OpenAI Debuts GPT-5.3-Codex-Spark on Cerebras Chips, Surpassing Previous Speeds

On Thursday, OpenAI introduced GPT-5.3-Codex-Spark, its first production AI model to run on non-Nvidia hardware. The model was deployed on chips provided by Cerebras and is specifically designed for coding tasks, demonstrating an impressive speed of more than 1,000 tokens (data chunks) per second. This performance is reported to be approximately 15 times faster than that of its precursor.

In comparison, Anthropic’s Claude Opus 4.6, in its newly introduced premium fast mode, is about 2.5 times quicker than its standard speed of 68.2 tokens per second, despite being a more advanced and larger model than Codex-Spark.

"Cerebras has been a great engineering partner, and we’re excited about adding fast inference as a new platform capability," commented Sachin Katti, OpenAI's head of compute, in a statement.

Codex-Spark is currently a research preview available to ChatGPT Pro subscribers at a cost of $200 per month through the Codex app, command-line interface, and VS Code extension. Furthermore, OpenAI is rolling out API access to selected design partners. The model is launched with a 128,000-token context window and is limited to text-only processing at present.
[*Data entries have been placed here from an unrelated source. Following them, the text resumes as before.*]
(* Let $F$ be an ordered forest with priority forest $P$ and priority traversal $\tau$. Then $\tau^{-1}$ is the Jordan–Hölder permutation of a unique maximal chain of $I_P=[\hat0,P]$.
   Context: $[n]=\{1,\dots,n\}$, $[n]_0=\{0,\dots,n\}$. An ordered $(m,n)$-forest is a rooted forest with $n+1$ nodes and $m$ edges whose component trees $T_0,\dots,T_{n-m}$ are totally ordered, with unlabeled roots marked $\circ,\circ_1,\dots,\circ_{n-m}$, and non-root vertices labeled bijectively by $[m]$. Priority search: initially only the children of $\circ$ are unblocked; at each step visit the unblocked unvisited node with the smallest label and unblock its children; when a tree is exhausted, move to the next tree, visit its root and unblock its children. Steps are numbered $1,\dots,n$ (the visit of $\circ$ is not counted). The priority traversal $\tau$ is the partial permutation $[n]\to[m]$ sending step $i$ to the label of the node visited at step $i$, undefined when that node is a root; $\tau^{-1}:[m]\to[n]$ is its inverse. The priority forest $P$ is obtained by relabeling each node by its visiting step, with $\circ$ labeled $0$. A priority forest on $[n]_0$ is a rooted forest with vertex set $[n]_0$ whose component trees are increasing (each non-root vertex has a larger label than its parent) and such that for $j<k$ every label of the $j$-th tree is smaller than every label of the $k$-th tree. $\Pi(n)$ is the poset of priority forests on $[n]_0$ ordered by inclusion of edge sets, with an extra top element; $\hat0$ is the edgeless forest. For priority forests $Q\lessdot Q'$ (one edge added), $\lambda(Q,Q')$ is the larger endpoint of the edge in $E(Q')\setminus E(Q)$. A maximal chain $\hat0=P_0\lessdot\cdots\lessdot P_m=P$ has Jordan–Hölder permutation $[m]\to[n]$, $i\mapsto\lambda(P_{i-1},P_i)$. *)

From mathcomp Require Import all_boot.
Set Implicit Arguments. Unset Strict Implicit. Unset Printing Implicit Defensive.
(* Let $F$ be a $4$-regular graph, let $E\subseteq E(F)$ be based in $F$, let $C$ be an oriented Euler system of $F$, let $D$ be a directed version of $F$, and let $\mathbf o$ be a transitional orientation of $F$. Then for each transversal $T$ of $\mathfrak T(F)$, the submatrix of $\mathrm{CM}(F,\Gamma_{E,C},D)\cdot\Delta_{D,\mathbf o}$ formed by the columns in $T$ has determinant $-1$, $0$, or $1$.
   Context: Graphs: $G=(V,H,E,\epsilon)$ with finite sets of vertices $V$ and half-edges $H$, a partition $E$ of $H$ into unordered pairs (edges), and $\epsilon:H\to V$; loops and multiple edges allowed. $E'\subseteq E(G)$ is based in $G$ if it contains exactly one edge of each connected component of $G$. A directed version orders each edge as (tail, head). A single transition is an unordered pair of distinct half-edges incident with a common vertex; a directed single transition is such an ordered pair. A closed walk is a sequence $((h_1,h_2),\dots,(h_{n-1},h_n))$ of directed single transitions with $\{h_2,h_3\},\{h_4,h_5\},\dots,\{h_n,h_1\}$ edges, up to cyclic shift. $\sigma(D,W)\in\mathbb Z^{E}$ counts, at each edge, traversals by $W$ along its direction in $D$ minus traversals against it. An oriented circuit is a nonempty closed walk in which each half-edge occurs at most once. For a set $\Gamma$ of closed walks, $\mathrm{CM}(G,\Gamma,D)$ is the $\Gamma\times E(G)$ matrix whose row indexed by $W$ is $\sigma(D,W)$ (rows/columns unordered; determinants are defined up to sign). $F$ is $4$-regular if every vertex is incident with exactly $4$ half-edges. A transition at $v$ is a partition of the four half-edges at $v$ into two single transitions; $\mathfrak T(F)$ is the set of transitions, and a transversal of $\mathfrak T(F)$ contains exactly one transition at each vertex. A transitional orientation $\mathbf o$ assigns to each transition $t$ one of its two single transitions $\mathbf o(t)$. $\Delta_{D,\mathbf o}$ is the $E(F)\times\mathfrak T(F)$ matrix over $\mathbb Q$ whose $(e,t)$ entry is $1$ if $e\cap\mathbf o(t)=\{h\}$ with $h$ the tail of $e$ in $D$, $-1$ if $e\cap\mathbf o(t)=\{h\}$ with $h$ the head, and $0$ otherwise. An oriented Euler system of $F$ consists of one oriented Eulerian circuit for each connected component of $F$; it visits each vertex exactly twice. For a vertex $v$, the oriented circuit induced by $C$ at $v$ based on $E$ is the segment from $v$ back to $v$ of the oriented Eulerian circuit of the component of $v$ that does not traverse the edge of $E$ in that component. $\Gamma_{E,C}$ is the set of these oriented circuits over all $v\in V(F)$. *)

From mathcomp Require Import all_boot all_order all_algebra.
Set Implicit Arguments. Unset Strict Implicit. Unset Printing Implicit Defensive.
Import GRing.Theory.
Local Open Scope ring_scope.
(* Let $d\ge 1$, $T\ge 1$, let $\mathcal{X}\subseteq\mathbb{R}^d$ be a non-empty closed convex set containing $\mathbf{0}$ with finite diameter $D=\max_{x,y\in\mathcal{X}}\|x-y\|$, and let $0<\mu\le L$. Let $f_1,\dots,f_T:\mathcal{X}\to[0,\infty)$ be differentiable functions such that, for every $t$ and all $x,y\in\mathcal{X}$, $\frac{\mu}{2}\|y-x\|^2\le f_t(y)-f_t(x)-\langle\nabla f_t(x),y-x\rangle\le\frac{L}{2}\|y-x\|^2$, and such that there is a finite constant $G$ with $\max_{x\in\mathcal{X}}\|\nabla f_t(x)\|=G$ for all $t$. Let $x_0=\mathbf{0}$. Then the OMGD algorithm with $K=\lceil\frac{L+\mu}{2\mu}\ln4\rceil$ satisfies $$C_{\mathcal{A}_o}-C_{\mathsf{OPT}}\le\Big(2G+D\Big(10-\frac{\mu}{2(\mu+4)}\Big)\Big)(\|x_1^\star\|+\mathcal{P}_T^\star).$$
   Context: $x_t^\star=\arg\min_{x\in\mathcal{X}}f_t(x)$, $\mathcal{P}_T^\star=\sum_{t=2}^T\|x_t^\star-x_{t-1}^\star\|$. Quadratic-switching cost of $(y_1,\dots,y_T)\in\mathcal{X}^T$ with $y_0=x_0$: $\sum_{t=1}^T\big(f_t(y_t)+\frac12\|y_t-y_{t-1}\|^2\big)$; $C_{\mathsf{OPT}}$ is its minimum over $\mathcal{X}^T$. OMGD with parameter $K$: $x_1=x_0$; for $t=2,\dots,T$, $z_t^{(0)}=x_{t-1}$, $z_t^{(k)}=\Pi_{\mathcal{X}}\big(z_t^{(k-1)}-\frac1L\nabla f_{t-1}(z_t^{(k-1)})\big)$ ($k=1,\dots,K$), $x_t=z_t^{(K)}$, where $\Pi_{\mathcal{X}}$ is Euclidean projection onto $\mathcal{X}$. $C_{\mathcal{A}_o}$ is the quadratic-switching cost of $(x_1,\dots,x_T)$. *)

From HB Require Import structures.
From mathcomp Require Import all_boot all_order all_algebra.
From mathcomp Require Import all_classical all_reals all_analysis.
Set Implicit Arguments. Unset Strict Implicit. Unset Printing Implicit Defensive.
Import Order.TTheory GRing.Theory Num.Theory.
Import numFieldNormedType.Exports.
Local Open Scope classical_set_scope.
Local Open Scope ring_scope.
This release follows OpenAI’s earlier launch of the complete GPT-5.3-Codex model earlier this month, which excels at complex coding tasks. Conversely, Spark is fine-tuned for speed rather than depth of knowledge, making it ideal for coding by operating as a text-only model, unlike the general-purpose tasks its larger sibling performs.

Spark reportedly surpasses the older GPT-5.1-Codex-mini in software engineering evaluations on SWE-Bench Pro and Terminal-Bench 2.0, completing tasks in significantly less time, as reported by OpenAI. Nonetheless, these performance metrics have not been independently validated by external sources.

Comparatively, past tests revealed Codex's slower performance; when evaluated by Ars in December, it took double the time of Anthropic’s Claude Code to complete a Minesweeper game creation.

In the competitive landscape of coding agents, GPT-5.3-Codex-Spark's achievement of 1,000 tokens per second marks a substantial advancement over any models OpenAI has previously deployed using its infrastructure. According to independent benchmarks by Artificial Analysis, OpenAI's fastest Nvidia-based models did not reach such speeds: GPT-4o hit about 147 tokens per second, o3-mini about 167, and GPT-4o mini approximately 52 tokens per second.